Neige Frankel is the recipient of the 2023 Beatrice and Vincent Tremaine Fellowship

Neige Frankel studies the evolution of disk galaxies, using the Milky Way as a model organism at the intersection of cosmological simulations and observations of external galaxies. She is preoccupied with questions like: how did the Milky Way disk form and evolve and how do the spiral arms, central bar, and satellites affect the evolution of the Milky Way stellar disk?

Most recently, her research collaboration with Prof. Jo Bovy and Scott Tremaine led to publications on a range of topics related to the present dis-equilibrated state of our Galaxy. Our Galactic disk seems to be phase-mixing from a recent perturbation. The evidence for this perturbation is best seen in the vertical motion of the stars in the disk, in particular the phase-space plane, (i.e., vertical position – vertical velocity). The density of stars in that plane shows a clear structure that looks like a spiral, dubbed “the Gaia Snail” by the researcher community.

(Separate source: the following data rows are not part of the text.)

Lemma face_coord_upd N (k : {ffun 'I_8 -> 'I_N}) l j z :
  face_coord (ffun_upd k l j) l z = face_coord k l z.
Proof. by apply/funext => i; rewrite /face_coord ffunE; case: eqP. Qed.

(* What survives of [\sum_k D^h g] over the box [p + h {0, ..., N-1}^8] after
   telescoping along the lines in direction [l]; these lines are indexed by their
   points on the slice [k l = a], so any [a] will do. *)
Definition face_flux (g : pt R -> pt R) p h N (a : 'I_N) (l : 'I_8) : pt R :=
  \sum_(k : {ffun 'I_8 -> 'I_N} | k l == a)
    ((g (gridpt p h (face_coord k l N%:R)) - g (gridpt p h (face_coord k l 0)))
     + (g (gridpt p h (face_coord k l (N%:R - 1))) - g (gridpt p h (face_coord k l (-1))))).

Lemma sum_Dh_box (g : pt R -> pt R) p h N (a : 'I_N) :
  \sum_(k : {ffun 'I_8 -> 'I_N}) Dh h g (gridpt p h (box_coord k)) =
  (2 * h)^-1 *: \sum_l omul (ebasis R l) (face_flux g p h a l).
Proof.
rewrite /Dh exchange_big /= scaler_sumr; apply: eq_bigr => l _.
rewrite -linearZ -linear_sum /= -scaler_sumr (sum_box_lines _ l a); congr (omul _ (_ *: _)).
apply: eq_bigr => k _.
rewrite -(telescope_central_diff (fun z => g (gridpt p h (face_coord k l z)))).
by apply: eq_bigr => j _; rewrite gridpt_addebasis gridpt_subebasis !face_coord_upd !ffun_upd_id.
Qed.

End GridPoints.
Arguments box_coord {R N} k i.
Arguments face_coord {R N} k l z i.

Section LineDerivatives.
Variable R : realType.
Implicit Types (f : pt R -> pt R) (t eta : R).

Lemma is_derive_along f (y e : pt R) t :
  differentiable f (t *: e + y) ->
  is_derive t 1 (fun s : R => f (s *: e + y)) ('D_e f (t *: e + y)).
Proof.
move=> df.
have quotE : (fun h : R => h^-1 *: (((fun s => f (s *: e + y)) \o shift t) (h *: 1)
                                     - f (t *: e + y)))
  = (fun h : R => h^-1 *: ((f \o shift (t *: e + y)) (h *: e) - f (t *: e + y))).
  apply/funext => h /=; congr (_ *: (f _ - _)).
  by rewrite /shift /= scalerDl [h *: 1]mulr1 addrA.
apply: DeriveDef; last by rewrite /derive /= quotE.
by rewrite /derivable quotE; exact: diff_derivable.
Qed.
(* Expected utility of agent i over participation (agent j participates in
   each round independently with prob. alpha j) and uniform tie-breaking,
   for fixed valuations v. *)
Definition exp_util_fin (T : nat) (alpha : 'I_n -> R) (rho rL rH : R)
  (i : 'I_n) (sigma : strategy) (v : 'I_n -> R) : R :=
  \sum_(a : {ffun 'I_T -> {ffun 'I_n -> bool}})
   \sum_(pi : {ffun 'I_T -> {perm 'I_n}})
     (\prod_(t < T) \prod_(j < n) (if a t j then alpha j else 1 - alpha j))
     * (#|{ffun 'I_T -> {perm 'I_n}}|%:R)^-1
     * (play rho rL rH i sigma v
          (fun t j => ffun_nat [ffun=> false] a t j)
          (ffun_nat 1%g pi) T).2.

(* Iterated integral: integrates out the coordinates js of v, each w.r.t. mu
   (i.e. the expectation over independent mu-distributed coordinates). *)
Fixpoint iter_int (mu : {measure set R -> \bar R}) (js : seq 'I_n)
  (f : ('I_n -> R) -> \bar R) (v : 'I_n -> R) : \bar R :=
  match js with
  | [::] => f v
  | j :: js' => (\int[mu]_x iter_int mu js' f (fun k => if k == j then x else v k))%E
  end.

(* Interim expected utility of agent i with valuation vi when the others'
   valuations are i.i.d. with distribution mu and bid truthfully. *)
Definition exp_util (T : nat) (alpha : 'I_n -> R) (mu : {measure set R -> \bar R})
  (rho rL rH : R) (i : 'I_n) (vi : R) (sigma : strategy) : \bar R :=
  iter_int mu [seq j <- enum 'I_n | j != i]
    (fun v => (exp_util_fin T alpha rho rL rH i sigma v)%:E) (fun=> vi).

End Model.

Definition msupport (R : realType) (mu : {measure set R -> \bar R}) : set R :=
  [set x | forall e : R, 0 < e -> (0 < mu (ball x e))%E].

From Pilot Require Import Defs.
From HB Require Import structures.
From mathcomp Require Import all_boot all_order all_algebra all_fingroup.
From mathcomp Require Import all_classical all_reals all_analysis.
From mathcomp Require Import measurable_realfun.
Set Implicit Arguments. Unset Strict Implicit. Unset Printing Implicit Defensive.
Import Order.TTheory GRing.Theory Num.Theory.
Import numFieldNormedType.Exports.
Local Open Scope classical_set_scope.
Local Open Scope ring_scope.
Import HBNNSimple.

(* In a round, bidder i gets at most max(0, v_i - p), where the payment p depends
   only on the reserve and the other bids, and truthful bidding attains this bound;
   moreover p is nondecreasing in the reserve.  So truthful bidding wins round by
   round against any deviation that never faces a lower reserve.  For a low item
   every valuation is below rho, so truthful bidding never raises the reserve; for
   a high item some other agent with alpha = 1 bids above rho in the first round,
   so from round 2 on the reserve is r_H whatever i does. *)

(* No measurability is assumed: the integrands built from [play] are never shown
   measurable, so the library's monotonicity lemmas do not apply. *)
Section IntegralConull.
Context d (T : measurableType d) (R : realType) (mu : {measure set T -> \bar R}).
Variable S : set T.
Hypotheses (mS : measurable S) (muSC : mu (~` S) = 0%E).

Lemma ge0_le_integral_conull (f g : T -> \bar R) :
  (forall x, 0 <= f x)%E -> (forall x, 0 <= g x)%E ->
  (forall x, S x -> f x <= g x)%E -> (\int[mu]_x f x <= \int[mu]_x g x)%E.
Proof.
move=> f0 g0 fg; rewrite !ge0_integralTE//.
apply: ge_ereal_sup => _ [h /= hf <-].
pose hS := proj_nnsfun h mS.
have -> : sintegral mu h = sintegral mu hS.
  rewrite -!integralT_nnsfun; apply: ae_eq_integral => //.
  - by apply/measurable_EFinP; exact: measurable_funP.
  - by apply/measurable_EFinP; exact: measurable_funP.
  - exists (~` S); split => //; first exact: measurableC.
    move=> x /= hx; apply: contra_not hx => Sx _.
    by rewrite /= mindicE mem_set// mulr1.
apply: ereal_sup_ubound; exists hS => // x /=.
rewrite mindicE; case: (boolP (x \in S)) => [/set_mem Sx|_].
  by rewrite mulr1; exact: le_trans (hf x) (fg x Sx).
by rewrite mulr0.
Qed.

Neige Frankel and her collaborators have worked to quantify this feature to extract information about the perturbation of the disk, which could presumably be due to the passing of satellite(s) or other structures in or around our Galaxy. This work lead to two publications: Frankel, Bovy, Tremaine, Hogg (2023), Vertical motion in the Galactic disc: unwinding the snail, MNRAS), and Tremaine, Frankel, and Bovy (2023), The origin and fate of the Gaia phase-space snail, MNRAS.

Neige Frankel has been a postdoctoral fellow at CITA since September 2021. Prior to this, she completed her PhD work at IMPRS Heidelberg with the thesis: “Forward Modelling the Secular Evolution of the Milky Way Disk” under the supervision of Prof. Hans-Walter.

The Tremaine Fellowship is given annually in memory of Beatrice D. and Vincent J. Tremaine to honour their lifelong interest in mathematics, science, and learning. The award was initially established at CITA by Vincent Tremaine in memory of his wife Beatrice when their son, Scott Tremaine, was the first director.